IMPORTANT NOTE ABOUT CLEARSEAL TAPE: When cutting the tape, don't let the roll end fall back against the roll! If you do, you will spend a long time getting it unstuck. (But you knew that.)
When you have set up all wells in the first two rows of the plate (rows A and B), cover these two rows with one piece of clear tape, making sure to get a good seal around every well. Continue setting up rows C and D, and seal them in the same way.
When finished, look at each well under the microscope to see (and record!) if anything has happened (Note if any precipitate has formed already). Set the tray in a location where there will be minimal disturbance due to vibration or temperature changes (ask your instructor). Check on the tray as often as you can, daily if possible. Even if good crystals appear and then disappear or deteriorate, this is an accomplishment, because if you were growing crystals for structure determination, you could harvest them when they are at their best. (Removal of crystals to sealed capillary tubes with their mother liquor usually stabilizes them for a time.)

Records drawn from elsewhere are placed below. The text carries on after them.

(* Column exactness kills the leftmost nonzero entry, in column m - d.+1, by a
   total coboundary supported in that column. *)
Lemma staircase_step m d T : (d < m)%N -> staircase_cochain m d.+1 T ->
  exists S0 : bigraded, (forall p q, AlcG (S0 p q)) /\
    staircase_cochain m d (subbg T (dtot S0)).
Proof.
move=> hd [hK hD hV]; pose j := (m - d.+1)%N.
have hj : (j + d.+1 = m)%N by rewrite /j; lia.
have dvT : dv (T j d.+1) = 0.
  have := hD j d.+1 hj; case: j hj => [|j'] hj'; first by rewrite dtot0S.
  by rewrite dtotSS (hV j' d.+2) ?dhor0 ?addr0 //; lia.
have [H [KH eH]] := AlcG_column_exact (col_exact j) (hK j d.+1 hj) dvT.
have KS0 := AlcG_single_bg KH.
exists (single_bg j d H); split=> //; split.
- move=> p q hpq; apply: AlcGB; first exact: hK.
  by apply: AlcG_dtot => p' q' _; exact: KS0.
- by move=> p q hpq; rewrite dtot_sub dtot_dtot hD // subr0.
- move=> p q hpq hpd; rewrite /subbg.
  have [hpj|hpj] := ltnP p j; first by rewrite hV ?dtot_single_bg_lt ?subr0 //; lia.
  have -> : p = j by lia.
  have -> : q = d.+1 by lia.
  by rewrite eH dtot_single_bg subrr.
Qed.

Lemma staircase m T : staircase_cochain m m T ->
  exists S : bigraded, (forall p q, AlcG (S p q)) /\
  exists h, Cc h /\ forall p q, (p + q = m)%N -> T p q = dtot S p q + row0 m h p q.
Proof.
suff: forall d, (d <= m)%N -> forall T, staircase_cochain m d T -> exists S : bigraded,
    (forall p q, AlcG (S p q)) /\
    exists h, Cc h /\ forall p q, (p + q = m)%N -> T p q = dtot S p q + row0 m h p q.
  by move/(_ m (leqnn m)); apply.
elim=> [|d IH] hd {}T stT.
  have [h [Ch hT]] := staircase_base stT.
  exists (fun _ _ => 0); split; first by move=> p q; exact: AlcG0.
  by exists h; split=> // p q hpq; rewrite dtot_zero add0r hT.
have [S0 [KS0 stT']] := staircase_step hd stT.
have [S [KS [h [Ch hT]]]] := IH (ltnW hd) _ stT'.
exists (addbg S S0); split; first by move=> p q; apply: AlcGD.
exists h; split=> // p q hpq.
by rewrite dtot_add -addrAC -hT // /subbg subrK.
Qed.

Lemma Cc_Clc_injective n (f : G ^^ n.+1 -> A) :
  cocycle (@Cc G A) f -> coboundary (@Clc G A) f -> coboundary (@Cc G A) f.
Proof.
case: n f => [|m] f [Cf df0] //= [g [Cg fdg]].
pose T := subbg (col0 m g) (concat_bg m.+1 f).
have stT : staircase_cochain m m T.
  split=> [p q hpq | p q hpq | *]; last lia.
    by apply: AlcGB; [exact: AlcG_col0 | apply: AlcG_concat_bg => //; lia].
  rewrite dtot_sub; case: p hpq => [|p] hpq; last by rewrite dtot_col0 dtot_concat_bg ?subrr //; lia.
  rewrite add0n in hpq; subst q.
  by rewrite dtot0S dv_col0 dtot_concat_bg_col0 // -fdg subrr.
have [S [_ [h [Ch hT]]]] := staircase stT.
exists h; split => //.
(* In bidegree (m, 0), d_h kills col0 g and dtot S and turns - concat_bg f into f. *)
have := congr1 (@dhor m 0%N) (hT m 0%N (addn0 m)).
rewrite dhorD row0_0 /T /subbg dhorD dhorN dhor_concat_bg_row0 //.
rewrite dhor_col0_row0 dhor_dtot_row0 !add0r => e1.
apply: functional_extensionality_dep => x.
by have := congr1 (fun F => F (x, (fun _ => one) : G ^^ 1)) e1; rewrite opprfctE /= opprK.
Qed.
(* Lam is multiplicative on tensor products (distributivity of sum/product). *)
Lemma Lam_tensor (B : 'I_N -> 'M[algC]_2) :
  Lam (tensor N B) = \prod_(k < N) evA (B k).
Proof.
rewrite /evA (bigA_distr_bigA (fun k u => \sum_(v : 'I_2) B k u v *: zeta u v)).
apply: eq_bigr => x _; rewrite (bigA_distr_bigA (fun k v => B k (x k) v *: zeta (x k) v)).
apply: eq_bigr => y _; rewrite /tensor /zprod -mul_polyC rmorph_prod -big_split /=.
by apply: eq_bigr => k _; rewrite mul_polyC.
Qed.

End GeneratingPolynomial.

Lemma evA1 : evA 1%:M = 0.
Proof.
rewrite /evA !big_ord_recl !big_ord0 /= !mxE /zeta /=.
by rewrite alg_polyC !scale1r !scale0r !add0r !addr0 subrr.
Qed.

(* The sigma_Y component drops out: its off-diagonal entries -i and i cancel. *)
Lemma evA_pauli b c d : evA (pauli_comb b c d) = (2 * d)%:P + (2 * b) *: 'X.
Proof.
rewrite /evA !big_ord_recl !big_ord0 /= /pauli_comb !mxE /zeta /=.
rewrite alg_polyC -!mul_polyC !(rmorphD, rmorphM, rmorphN, rmorph0, rmorph1) /=.
ring.
Qed.

(* Every placement with an identity factor is killed by evA 1 = 0. *)
Lemma Lam_sym N j A : Lam (sym_sum N j A) = if j == 0%N then evA A ^+ N else 0.
Proof.
rewrite (Lam_sum _ _ _ _
  (fun S : {set 'I_N} => tensor N (fun k => if k \in S then 1%:M else A))).
under eq_bigr => S _ do rewrite Lam_tensor.
have [->|j0] := eqVneq j 0%N.
  rewrite (eq_bigl (pred1 set0)) => [|S]; last by rewrite cards_eq0.
  rewrite big_pred1_eq (eq_bigr (fun _ => evA A)) ?prodr_const ?card_ord // => k _.
  by rewrite inE.
apply: big1 => S cardS; have /set0Pn [k kS] : S != set0.
  by rewrite -cards_eq0 (eqP cardS).
by rewrite (bigD1 k) //= kS evA1 mul0r.
Qed.
(* Let $U\subset\mathbb{R}^2$ be bounded, open and contractible, and let $H:\overline{U}\times\mathbb{R}\to\overline{U}\times\mathbb{R}$ be a homeomorphism with $H(U\times\mathbb{R})=U\times\mathbb{R}$. Then the restriction of $H$ to $U\times\mathbb{R}=U^*\times\mathbb{R}$ extends to a homeomorphism $H^*:X^*\times\mathbb{R}\to X^*\times\mathbb{R}$ (with respect to the metric $d$ below) such that $H^*(\partial X^*\times\mathbb{R})=\partial X^*\times\mathbb{R}$, and $H^*$ extends further to a homeomorphism of the two-point compactification $(X^*\times\mathbb{R})\cup\{\infty,-\infty\}$.
   Context: For $x,y\in U$ let $d^*(x,y)$ be the infimum of the Euclidean diameters of paths in $U$ from $x$ to $y$; this is a metric on $U$. Write $U^*=(U,d^* )$, let $(X^*,d^* )$ be its metric completion and $\partial X^*=X^*\setminus U^*$. $X^*\times\mathbb{R}$ carries the metric $d((x,s),(y,t))=\max(d^*(x,y),|s-t|)$. The space $(X^*\times\mathbb{R})\cup\{\infty,-\infty\}$ is obtained by adjoining one point for each end of $\mathbb{R}$: a sequence $(y_n,t_n)$ converges to $\infty$ iff $t_n\to+\infty$, and to $-\infty$ iff $t_n\to-\infty$. *)

From Stdlib Require Import Reals.
Open Scope R_scope.

Definition pt2 := (R * R)%type.
Definition pt3 := (pt2 * R)%type.

Definition dist2 (p q : pt2) : R :=
  sqrt ((fst p - fst q)^2 + (snd p - snd q)^2).
Definition dist3 (p q : pt3) : R :=
  sqrt ((fst (fst p) - fst (fst q))^2 + (snd (fst p) - snd (fst q))^2
        + (snd p - snd q)^2).

Definition bounded2 (U : pt2 -> Prop) : Prop :=
  exists M, forall p, U p -> dist2 p (0,0) <= M.
Definition open2 (U : pt2 -> Prop) : Prop :=
  forall p, U p -> exists r, 0 < r /\ forall q, dist2 p q < r -> U q.
Definition closure2 (U : pt2 -> Prop) (p : pt2) : Prop :=
  forall eps, 0 < eps -> exists q, U q /\ dist2 p q < eps.

Definition contractible2 (U : pt2 -> Prop) : Prop :=
  exists (p0 : pt2) (F : R -> pt2 -> pt2),
    U p0 /\
    (forall t x, 0 <= t <= 1 -> U x -> U (F t x)) /\
    (forall x, U x -> F 0 x = x) /\
    (forall x, U x -> F 1 x = p0) /\
    (forall t x, 0 <= t <= 1 -> U x ->
       forall eps, 0 < eps -> exists delta, 0 < delta /\
         forall s y, 0 <= s <= 1 -> U y -> Rabs (s - t) < delta ->
           dist2 x y < delta -> dist2 (F t x) (F s y) < eps).

Definition cont3_on (S : pt3 -> Prop) (f : pt3 -> pt3) : Prop :=
  forall p, S p -> forall eps, 0 < eps -> exists delta, 0 < delta /\
    forall q, S q -> dist3 p q < delta -> dist3 (f p) (f q) < eps.

Definition homeo3_on (S : pt3 -> Prop) (H : pt3 -> pt3) : Prop :=
  exists G : pt3 -> pt3,
    (forall p, S p -> S (H p)) /\ (forall p, S p -> S (G p)) /\
    (forall p, S p -> G (H p) = p) /\ (forall p, S p -> H (G p) = p) /\
    cont3_on S H /\ cont3_on S G.

Definition is_path_in (U : pt2 -> Prop) (x y : pt2) (g : R -> pt2) : Prop :=
  g 0 = x /\ g 1 = y /\ (forall s, 0 <= s <= 1 -> U (g s)) /\
  (forall s, 0 <= s <= 1 -> forall eps, 0 < eps -> exists delta, 0 < delta /\
     forall s', 0 <= s' <= 1 -> Rabs (s - s') < delta -> dist2 (g s) (g s') < eps).

Definition diam_of_path (g : R -> pt2) (D : R) : Prop :=
  is_lub (fun r => exists s t, 0 <= s <= 1 /\ 0 <= t <= 1 /\ r = dist2 (g s) (g t)) D.

Definition is_glb (E : R -> Prop) (m : R) : Prop :=
  (forall x, E x -> m <= x) /\ (forall b, (forall x, E x -> b <= x) -> b <= m).

(* d^*(x,y) = r : the infimum of Euclidean diameters of paths in U from x to y *)
Definition dstar_is (U : pt2 -> Prop) (x y : pt2) (r : R) : Prop :=
  is_glb (fun D => exists g, is_path_in U x y g /\ diam_of_path g D) r.

Definition Upts (U : pt2 -> Prop) := {p : pt2 | U p}.

Definition is_metric {X : Type} (d : X -> X -> R) : Prop :=
  (forall x y, 0 <= d x y) /\ (forall x y, d x y = 0 <-> x = y) /\
  (forall x y, d x y = d y x) /\ (forall x y z, d x z <= d x y + d y z).

Definition cauchy_seq {X : Type} (d : X -> X -> R) (u : nat -> X) : Prop :=
  forall eps, 0 < eps -> exists N, forall m n, (N <= m)%nat -> (N <= n)%nat ->
    d (u m) (u n) < eps.
Definition seq_conv {X : Type} (d : X -> X -> R) (u : nat -> X) (l : X) : Prop :=
  forall eps, 0 < eps -> exists N, forall n, (N <= n)%nat -> d (u n) l < eps.
Definition complete_metric {X : Type} (d : X -> X -> R) : Prop :=
  forall u, cauchy_seq d u -> exists l, seq_conv d u l.

Definition is_completion_of_Ustar (U : pt2 -> Prop) (X : Type)
  (d : X -> X -> R) (iota : Upts U -> X) : Prop :=
  is_metric d /\ complete_metric d /\
  (forall x y : Upts U, dstar_is U (proj1_sig x) (proj1_sig y) (d (iota x) (iota y))) /\
  (forall z eps, 0 < eps -> exists x, d z (iota x) < eps).

Definition dmax {X : Type} (d : X -> X -> R) (p q : X * R) : R :=
  Rmax (d (fst p) (fst q)) (Rabs (snd p - snd q)).

Definition cont_metric {A B : Type} (dA : A -> A -> R) (dB : B -> B -> R)
  (f : A -> B) : Prop :=
  forall p eps, 0 < eps -> exists delta, 0 < delta /\
    forall q, dA p q < delta -> dB (f p) (f q) < eps.

Definition homeo_metric {A : Type} (dA : A -> A -> R) (f : A -> A) : Prop :=
  exists g : A -> A, (forall p, g (f p) = p) /\ (forall p, f (g p) = p) /\
    cont_metric dA dA f /\ cont_metric dA dA g.

(* two-point compactification (X x R) u {+oo, -oo} *)
Inductive ext2 (A : Type) : Type :=
| Fin : A -> ext2 A
| PInf : ext2 A
| NInf : ext2 A.
Arguments Fin {A} _.
Arguments PInf {A}.
Arguments NInf {A}.

Definition ext_conv {X : Type} (d : X -> X -> R) (u : nat -> ext2 (X * R))
  (l : ext2 (X * R)) : Prop :=
  match l with
  | Fin p => forall eps, 0 < eps -> exists N, forall n, (N <= n)%nat ->
      exists q, u n = Fin q /\ dmax d q p < eps
  | PInf => forall M, exists N, forall n, (N <= n)%nat ->
      u n = PInf \/ exists q, u n = Fin q /\ M < snd q
  | NInf => forall M, exists N, forall n, (N <= n)%nat ->
      u n = NInf \/ exists q, u n = Fin q /\ snd q < M
  end.

(* homeomorphism of the (sequentially defined) two-point compactification *)
Definition homeo_ext {X : Type} (d : X -> X -> R) (E : ext2 (X * R) -> ext2 (X * R)) : Prop :=
  exists F : ext2 (X * R) -> ext2 (X * R),
    (forall a, F (E a) = a) /\ (forall a, E (F a) = a) /\
    (forall u l, ext_conv d u l -> ext_conv d (fun n => E (u n)) (E l)) /\
    (forall u l, ext_conv d u l -> ext_conv d (fun n => F (u n)) (F l)).

From Stdlib Require Import Reals ZArith Lra Lia Psatz Classical ClassicalEpsilon ProofIrrelevance.
Open Scope R_scope.

(* Since the Euclidean distance is at most [d^*], every point of [X^*] lies over a point of
   the closure of [U], near which [H] is uniformly continuous.  The image under [H] of a short
   path in [U], run while the time moves linearly, is again a short path, so the restriction
   of [H] to [U^* x R] is uniformly continuous near every point of [X^* x R] and extends
   continuously to the completion; so does [H^-1], and the two extensions are inverse to each
   other by density.  Both preserve [U^* x R], hence also its complement [dX^* x R].
   For the ends: by compactness of [cl U x [-S, S]], [H^-1] keeps bounded times bounded, so
   [H] sends large [|t|] to large [|t|]; as [U] is path-connected, the intermediate value
   theorem makes the sign of the time of [H (x, t)] constant for [t] near each end. *)

Lemma sqrt_le_of_sq x y : 0 <= y -> x <= y * y -> sqrt x <= y.
Proof. intros Hy Hx. rewrite <- (sqrt_square y Hy). now apply sqrt_le_1_alt. Qed.

Lemma le_sqrt_of_sq x y : 0 <= x -> x * x <= y -> x <= sqrt y.
Proof. intros Hx Hy. rewrite <- (sqrt_square x Hx). now apply sqrt_le_1_alt. Qed.

Lemma Rabs_mul_self x : Rabs x * Rabs x = x ^ 2.
Proof. rewrite <- Rabs_mult, Rabs_right; [ring | apply Rle_ge; nra]. Qed.

Lemma dist2_euc p q : dist2 p q = dist_euc (fst p) (snd p) (fst q) (snd q).
Proof. unfold dist2, dist_euc, Rsqr. f_equal. ring. Qed.

Lemma dist2_ge0 p q : 0 <= dist2 p q.
Proof. apply sqrt_pos. Qed.

Lemma dist2_sym p q : dist2 p q = dist2 q p.
Proof. rewrite !dist2_euc. apply distance_symm. Qed.

Lemma dist2_xx p : dist2 p p = 0.
Proof. rewrite dist2_euc. apply distance_refl. Qed.

Lemma dist2_triangle p q r : dist2 p r <= dist2 p q + dist2 q r.
Proof. rewrite !dist2_euc. apply triangle. Qed.

Lemma Rabs_fst_le_dist2 p q : Rabs (fst p - fst q) <= dist2 p q.
Proof.
  apply le_sqrt_of_sq; [apply Rabs_pos|]. rewrite Rabs_mul_self.
  pose proof (pow2_ge_0 (snd p - snd q)); lra.
Qed.

Lemma Rabs_snd_le_dist2 p q : Rabs (snd p - snd q) <= dist2 p q.
Proof.
  apply le_sqrt_of_sq; [apply Rabs_pos|]. rewrite Rabs_mul_self.
  pose proof (pow2_ge_0 (fst p - fst q)); lra.
Qed.

Lemma dist2_le_Rabs p q : dist2 p q <= Rabs (fst p - fst q) + Rabs (snd p - snd q).
Proof.
  pose proof (Rabs_pos (fst p - fst q)); pose proof (Rabs_pos (snd p - snd q)).
  apply sqrt_le_of_sq; [lra|]. rewrite <- !Rabs_mul_self. nra.
Qed.

Lemma dist3_sym p q : dist3 p q = dist3 q p.
Proof. unfold dist3. f_equal. ring. Qed.

Lemma dist3_le p q : dist3 p q <= dist2 (fst p) (fst q) + Rabs (snd p - snd q).
Proof.
  pose proof (dist2_ge0 (fst p) (fst q)); pose proof (Rabs_pos (snd p - snd q)).
  apply sqrt_le_of_sq; [lra|].
  assert (E : dist2 (fst p) (fst q) * dist2 (fst p) (fst q)
              = (fst (fst p) - fst (fst q))^2 + (snd (fst p) - snd (fst q))^2)
    by (apply sqrt_sqrt; pose proof (pow2_ge_0 (fst (fst p) - fst (fst q)));
        pose proof (pow2_ge_0 (snd (fst p) - snd (fst q))); lra).
  rewrite <- (Rabs_mul_self (snd p - snd q)). nra.
Qed.

Lemma dist2_le_dist3 p q : dist2 (fst p) (fst q) <= dist3 p q.
Proof.
  apply sqrt_le_1_alt. pose proof (pow2_ge_0 (snd p - snd q)); lra.
Qed.

Lemma Rabs_snd_le_dist3 p q : Rabs (snd p - snd q) <= dist3 p q.
Proof.
  apply le_sqrt_of_sq; [apply Rabs_pos|]. rewrite Rabs_mul_self.
  pose proof (pow2_ge_0 (fst (fst p) - fst (fst q)));
  pose proof (pow2_ge_0 (snd (fst p) - snd (fst q))); lra.
Qed.

Lemma dstar_ge_dist2 U x y m : dstar_is U x y m -> dist2 x y <= m.
Proof.
  intros [_ Hglb]. apply Hglb. intros D [g [[H0 [H1 _]] [Hub _]]].
  apply Hub. exists 0, 1. rewrite H0, H1. repeat split; lra.
Qed.

Lemma dstar_le_of_path U x y m g D : dstar_is U x y m -> is_path_in U x y g ->
  (forall s t, 0 <= s <= 1 -> 0 <= t <= 1 -> dist2 (g s) (g t) <= D) -> m <= D.
Proof.
  intros [Hlb _] Hp HD.
  destruct (completeness (fun r => exists s t, 0 <= s <= 1 /\ 0 <= t <= 1 /\ r = dist2 (g s) (g t)))
    as [L HL].
  - exists D. intros r (s & t & Hs & Ht & ->). auto.
  - exists (dist2 (g 0) (g 0)). exists 0, 0. repeat split; lra.
  - apply Rle_trans with L.
    + apply Hlb. now exists g.
    + apply HL. intros r (s & t & Hs & Ht & ->). auto.
Qed.

Lemma dstar_short_path U x y m D : dstar_is U x y m -> m < D ->
  exists g, is_path_in U x y g /\
    forall s t, 0 <= s <= 1 -> 0 <= t <= 1 -> dist2 (g s) (g t) < D.
Proof.
  intros [_ Hglb] HmD.
  destruct (classic (exists D0 g, is_path_in U x y g /\ diam_of_path g D0 /\ D0 < D))
    as [(D0 & g & Hp & [Hub _] & Hlt) | Hno].
  - exists g. split; auto. intros s t Hs Ht.
    apply Rle_lt_trans with D0; auto. apply Hub. now exists s, t.
  - enough (D <= m) by lra. apply Hglb. intros D0 [g [Hp Hd]].
    apply Rnot_lt_le. intros Hlt. apply Hno. now exists D0, g.
Qed.
(* A proper colouring with k classes of m members each, of a family of pairs whose
   vertex sets are exactly the edges, yields a covering by k [m]-matchings; a class
   never contains two members with the same vertex set, as these would intersect. *)
Lemma cover_of_colouring (I : finType) (vs : I -> {set T}) (X : {set I}) k m
    (col : I -> 'I_k) :
  proper vs X col -> pairs_on vs X -> vs @: X = edges e ->
  (forall d, #|colour_class X col d| = m) -> m_cover e m k.
Proof.
move=> pcol pairsX imX sizes.
have classX d i : i \in colour_class X col d -> i \in X by rewrite inE => /andP[].
have vs_inj d : {in colour_class X col d &, injective vs}.
  move=> i j iC jC vij; apply/eqP/negPn/negP => ij.
  have := pcol d i j iC jC ij; rewrite vij -setI_eq0 setIid -cards_eq0.
  by rewrite pairsX // (classX d).
exists (fun d => vs @: colour_class X col d); split.
  move=> d; split; last by rewrite card_in_imset.
  split.
    by apply/subsetP => _ /imsetP[i iC ->]; rewrite -imX imset_f // (classX d).
  move=> _ _ /imsetP[i iC ->] /imsetP[j jC ->] vij.
  by apply: (pcol d i j iC jC); apply: contraNneq vij => ->.
rewrite -imX; apply/setP => A; apply/bigcupP/imsetP => [[d _ /imsetP[i iC ->]]|[i iX ->]].
  by exists i; rewrite // (classX d).
by exists (col i) => //; apply: imset_f; rewrite inE iX eqxx.
Qed.

(* All edges of E, plus a second copy of each edge of R, tagged by a boolean. *)
Definition padded (E R : {set {set T}}) : {set {set T} * bool} :=
  setX E [set false] :|: setX R [set true].

Lemma mem_padded E R A b : ((A, b) \in padded E R) = if b then A \in R else A \in E.
Proof. by rewrite !inE /=; case: b; rewrite ?andbT ?andbF ?orbF. Qed.

Lemma card_padded E R : #|padded E R| = #|E| + #|R|.
Proof.
rewrite cardsU_disjoint ?cardsX ?cards1 ?muln1 //.
by rewrite -setI_eq0; apply/eqP/setP => -[A b]; rewrite !inE; case: b; rewrite ?andbF.
Qed.

Lemma padded_edges E R : R \subset E -> fst @: padded E R = E.
Proof.
move=> RE; apply/setP => A; apply/imsetP/idP => [[[B b] + ->]|AE].
  by rewrite mem_padded; case: b => //; apply: (subsetP RE).
by exists (A, false); rewrite ?mem_padded.
Qed.

Lemma padded_pairs R :
  simple_graph e -> R \subset edges e -> pairs_on fst (padded (edges e) R).
Proof.
move=> simple_e RE [A b]; rewrite mem_padded => Ab; apply: (edge_card simple_e).
by case: b Ab => // /(subsetP RE).
Qed.

(* From a proper 4-edge-colouring and a set R of edges of one colour c0, the padded
   family gets a proper colouring with k >= 5 colours: the copies of R, which form a
   matching, receive the fifth colour. *)
Lemma padded_colouring k (col4 : {set T} -> 'I_4) c0 R :
  4 < k -> proper id (edges e) col4 -> R \subset colour_class (edges e) col4 c0 ->
  exists col : {set T} * bool -> 'I_k, proper fst (padded (edges e) R) col.
Proof.
move=> k_gt4 pcol4 R_c0.
pose col (p : {set T} * bool) : 'I_k :=
  if p.2 then Ordinal k_gt4 else widen_ord (ltnW k_gt4) (col4 p.1).
have in_c0 A : A \in R -> A \in colour_class (edges e) col4 c0 by apply: (subsetP R_c0).
exists col => d [A b] [B b']; rewrite [(A, b) \in _]inE [(B, b') \in _]inE !mem_padded.
move=> /andP[Ab /eqP cA] /andP[Bb' /eqP cB] AB; have {cA cB}cAB := etrans cA (esym cB).
case: b b' Ab Bb' cAB AB => [] [] /= Ab Bb' cAB AB.
- by apply: (pcol4 c0); rewrite ?in_c0 //; apply: contraNneq AB => ->.
- by move: (congr1 val cAB) (ltn_ord (col4 B)) => /= <-.
- by move: (congr1 val cAB) (ltn_ord (col4 A)) => /= ->.
- have c4AB : col4 A = col4 B by apply: val_inj; apply: (congr1 val cAB).
  apply: (pcol4 (col4 A)); [by rewrite inE Ab eqxx | by rewrite inE Bb' c4AB eqxx |].
  by apply: contraNneq AB => ->.
Qed.

End Covers.

Theorem proposition1 (T : finType) (e : rel T) (n m : nat) :
  simple_graph e -> cubic e -> connected_graph e ->
  #|T| = 2 * n ->
  0 < m ->
  m < ceil_div (3 * n) 4 ->
  excessive_index_eq e m (ceil_div (3 * n) m).
Proof.
move=> simple_e cubic_e _ sizeT m_gt0 m_small.
have card_E : #|edges e| = 3 * n by have := handshake simple_e cubic_e; rewrite sizeT; lia.
set k := ceil_div (3 * n) m.
(* Lower bound: j [m]-matchings cover at most j * m edges. *)
split; last by move=> j /m_cover_card; rewrite ceil_div_leq // card_E.
have /andP[km_ge km_lt] := ceil_div_bounds (3 * n) m_gt0.
have m4_lt : m * 4 < 3 * n by move: m_small; rewrite ltnNge ceil_div_leq // -ltnNge.
have k_gt4 : 4 < k by rewrite ltnNge ceil_div_leq // -ltnNge mulnC.
(* Upper bound: pad a 4-edge-colouring to a k-colouring of k * m edge copies,
   equalize it, and read off k [m]-matchings. *)
have [col4 pcol4] := four_edge_colouring simple_e cubic_e (subxx (edges e)).
have [c0 big_c0] : exists c0, m < #|colour_class (edges e) col4 c0|.
  by apply: pigeonhole_sum; rewrite sum_colour_classes card_E; lia.
have small_pad : k * m - 3 * n <= #|colour_class (edges e) col4 c0| by lia.
have [R R_c0 sizeR] := subset_of_card small_pad.
have R_edges : R \subset edges e.
  by apply: subset_trans R_c0 _; apply/subsetP => A; rewrite inE => /andP[].
have pairs_pad := padded_pairs simple_e R_edges.
have card_pad : #|padded (edges e) R| = k * m by rewrite card_padded card_E sizeR; lia.
have [col pcol] := padded_colouring k_gt4 pcol4 R_c0.
have [col' [pcol' sizes]] := equalize pcol pairs_pad card_pad.
exact: cover_of_colouring pcol' pairs_pad (padded_edges R_edges) sizes.
Qed.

Remember that the goal of this project is to grow the "best" crystals you can. Because there are so many different possibilities for protein and reagent crystallization, we limit your choices in order to help increase your chances of success. Each team should vary the concentration of precipitating agent, protein, and buffer. Even with these three variables, the possibilities are numerous. Remember that varying these conditions will affect crystal size, shape, definition, and the number of crystals produced. The best condition will yield the fewest crystals (one crystal is best) of good size and good definition (not a shapeless blob, but having with a very defined shape, like a cut gem). Once you find the best condition, repeat the condition to see if it is reproducible (it takes more than one crystal to solve a structure, so one must be able to make more).
1. What condition yielded the "best" crystals of lysozyme?
2. What changes did your group try to make, and what effect did they have on the crystals?
3. How many of your conditions yielded suitable crystals (nice ones, and only one to a few per well)? How many did the entire class get (use the email discussion to share and obtain this information)? Give the success fraction (number of conditions that gave crystals/number of different conditions that were set up) for your attempts, as well as for the entire class. What does this tell you about protein crystallization?
4. What methods can you think of to confirm that the crystals are lysozyme and not salt (many salt crystals are colorless as well)? Hint: think of protein properties and ways to assay or detect proteins, and focus on methods available in this lab.
5. Many protein crystals are formed at or near the pI of the protein being studied. Explain why the pI might be a good pH for crystal formation.
6. Why does vapor diffusion decrease the volume of the drop, rather than increasing it?
I'll transfer them from the camera to my computer. Then I'll email copies to you.
Turn in the following materials by 1:00 PM on the Monday specified on the lab calendar. Follow the guidelines for Laboratory Reports, being sure to include all specific materials listed here:
Turn in separately: Lab-Notebook Copy Sheets.